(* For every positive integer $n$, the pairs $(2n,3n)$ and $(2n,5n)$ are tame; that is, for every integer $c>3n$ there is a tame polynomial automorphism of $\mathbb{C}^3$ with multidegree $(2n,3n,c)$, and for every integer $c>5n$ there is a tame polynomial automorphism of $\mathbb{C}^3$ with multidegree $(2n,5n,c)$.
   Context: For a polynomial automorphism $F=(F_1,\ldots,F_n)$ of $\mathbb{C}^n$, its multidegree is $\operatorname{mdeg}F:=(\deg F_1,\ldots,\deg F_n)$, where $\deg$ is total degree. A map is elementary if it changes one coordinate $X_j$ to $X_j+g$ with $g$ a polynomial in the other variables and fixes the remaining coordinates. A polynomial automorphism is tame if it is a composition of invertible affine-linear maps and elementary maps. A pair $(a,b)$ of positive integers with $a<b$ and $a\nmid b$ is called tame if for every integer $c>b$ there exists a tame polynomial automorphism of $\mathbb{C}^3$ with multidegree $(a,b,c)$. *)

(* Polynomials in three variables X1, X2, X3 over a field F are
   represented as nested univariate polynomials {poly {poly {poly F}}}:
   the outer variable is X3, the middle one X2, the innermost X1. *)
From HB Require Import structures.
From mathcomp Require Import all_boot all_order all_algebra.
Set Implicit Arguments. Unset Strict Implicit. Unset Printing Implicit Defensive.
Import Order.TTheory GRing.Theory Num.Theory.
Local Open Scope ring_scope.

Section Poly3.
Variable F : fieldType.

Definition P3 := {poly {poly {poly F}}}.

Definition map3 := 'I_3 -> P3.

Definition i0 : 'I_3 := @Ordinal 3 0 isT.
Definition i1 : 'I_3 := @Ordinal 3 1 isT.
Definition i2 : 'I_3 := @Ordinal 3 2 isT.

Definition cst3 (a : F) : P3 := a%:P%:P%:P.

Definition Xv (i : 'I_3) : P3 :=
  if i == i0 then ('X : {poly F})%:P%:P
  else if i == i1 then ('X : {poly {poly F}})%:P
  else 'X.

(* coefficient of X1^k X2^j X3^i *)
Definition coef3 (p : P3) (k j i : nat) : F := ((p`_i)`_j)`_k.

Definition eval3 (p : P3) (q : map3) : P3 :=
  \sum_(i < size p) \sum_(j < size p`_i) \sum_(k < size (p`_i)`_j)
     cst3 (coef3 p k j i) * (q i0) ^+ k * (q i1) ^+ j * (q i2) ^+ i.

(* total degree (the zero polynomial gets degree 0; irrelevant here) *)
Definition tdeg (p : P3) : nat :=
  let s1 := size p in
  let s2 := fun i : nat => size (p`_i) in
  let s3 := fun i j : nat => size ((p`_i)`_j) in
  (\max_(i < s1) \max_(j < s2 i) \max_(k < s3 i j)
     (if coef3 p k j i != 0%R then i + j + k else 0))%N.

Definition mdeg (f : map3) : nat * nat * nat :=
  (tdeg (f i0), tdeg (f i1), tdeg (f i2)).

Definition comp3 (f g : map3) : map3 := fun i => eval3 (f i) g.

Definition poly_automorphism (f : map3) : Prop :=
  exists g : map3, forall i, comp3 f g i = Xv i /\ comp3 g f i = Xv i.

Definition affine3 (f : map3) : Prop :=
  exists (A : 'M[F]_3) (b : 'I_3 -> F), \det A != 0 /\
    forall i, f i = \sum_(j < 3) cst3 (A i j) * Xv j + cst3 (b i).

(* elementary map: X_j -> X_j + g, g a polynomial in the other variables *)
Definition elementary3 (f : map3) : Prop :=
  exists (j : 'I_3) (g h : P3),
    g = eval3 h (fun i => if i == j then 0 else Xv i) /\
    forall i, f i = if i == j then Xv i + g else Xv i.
⁂
What is expected: Repeat each entry above exactly as shown.

Worked solution:
(* For every positive integer $n$, the pairs $(2n,3n)$ and $(2n,5n)$ are tame; that is, for every integer $c>3n$ there is a tame polynomial automorphism of $\mathbb{C}^3$ with multidegree $(2n,3n,c)$, and for every integer $c>5n$ there is a tame polynomial automorphism of $\mathbb{C}^3$ with multidegree $(2n,5n,c)$.
   Context: For a polynomial automorphism $F=(F_1,\ldots,F_n)$ of $\mathbb{C}^n$, its multidegree is $\operatorname{mdeg}F:=(\deg F_1,\ldots,\deg F_n)$, where $\deg$ is total degree. A map is elementary if it changes one coordinate $X_j$ to $X_j+g$ with $g$ a polynomial in the other variables and fixes the remaining coordinates. A polynomial automorphism is tame if it is a composition of invertible affine-linear maps and elementary maps. A pair $(a,b)$ of positive integers with $a<b$ and $a\nmid b$ is called tame if for every integer $c>b$ there exists a tame polynomial automorphism of $\mathbb{C}^3$ with multidegree $(a,b,c)$. *)

(* Polynomials in three variables X1, X2, X3 over a field F are
   represented as nested univariate polynomials {poly {poly {poly F}}}:
   the outer variable is X3, the middle one X2, the innermost X1. *)
From HB Require Import structures.
From mathcomp Require Import all_boot all_order all_algebra.
Set Implicit Arguments. Unset Strict Implicit. Unset Printing Implicit Defensive.
Import Order.TTheory GRing.Theory Num.Theory.
Local Open Scope ring_scope.

Section Poly3.
Variable F : fieldType.

Definition P3 := {poly {poly {poly F}}}.

Definition map3 := 'I_3 -> P3.

Definition i0 : 'I_3 := @Ordinal 3 0 isT.
Definition i1 : 'I_3 := @Ordinal 3 1 isT.
Definition i2 : 'I_3 := @Ordinal 3 2 isT.

Definition cst3 (a : F) : P3 := a%:P%:P%:P.

Definition Xv (i : 'I_3) : P3 :=
  if i == i0 then ('X : {poly F})%:P%:P
  else if i == i1 then ('X : {poly {poly F}})%:P
  else 'X.

(* coefficient of X1^k X2^j X3^i *)
Definition coef3 (p : P3) (k j i : nat) : F := ((p`_i)`_j)`_k.

Definition eval3 (p : P3) (q : map3) : P3 :=
  \sum_(i < size p) \sum_(j < size p`_i) \sum_(k < size (p`_i)`_j)
     cst3 (coef3 p k j i) * (q i0) ^+ k * (q i1) ^+ j * (q i2) ^+ i.

(* total degree (the zero polynomial gets degree 0; irrelevant here) *)
Definition tdeg (p : P3) : nat :=
  let s1 := size p in
  let s2 := fun i : nat => size (p`_i) in
  let s3 := fun i j : nat => size ((p`_i)`_j) in
  (\max_(i < s1) \max_(j < s2 i) \max_(k < s3 i j)
     (if coef3 p k j i != 0%R then i + j + k else 0))%N.

Definition mdeg (f : map3) : nat * nat * nat :=
  (tdeg (f i0), tdeg (f i1), tdeg (f i2)).

Definition comp3 (f g : map3) : map3 := fun i => eval3 (f i) g.

Definition poly_automorphism (f : map3) : Prop :=
  exists g : map3, forall i, comp3 f g i = Xv i /\ comp3 g f i = Xv i.

Definition affine3 (f : map3) : Prop :=
  exists (A : 'M[F]_3) (b : 'I_3 -> F), \det A != 0 /\
    forall i, f i = \sum_(j < 3) cst3 (A i j) * Xv j + cst3 (b i).

(* elementary map: X_j -> X_j + g, g a polynomial in the other variables *)
Definition elementary3 (f : map3) : Prop :=
  exists (j : 'I_3) (g h : P3),
    g = eval3 h (fun i => if i == j then 0 else Xv i) /\
    forall i, f i = if i == j then Xv i + g else Xv i.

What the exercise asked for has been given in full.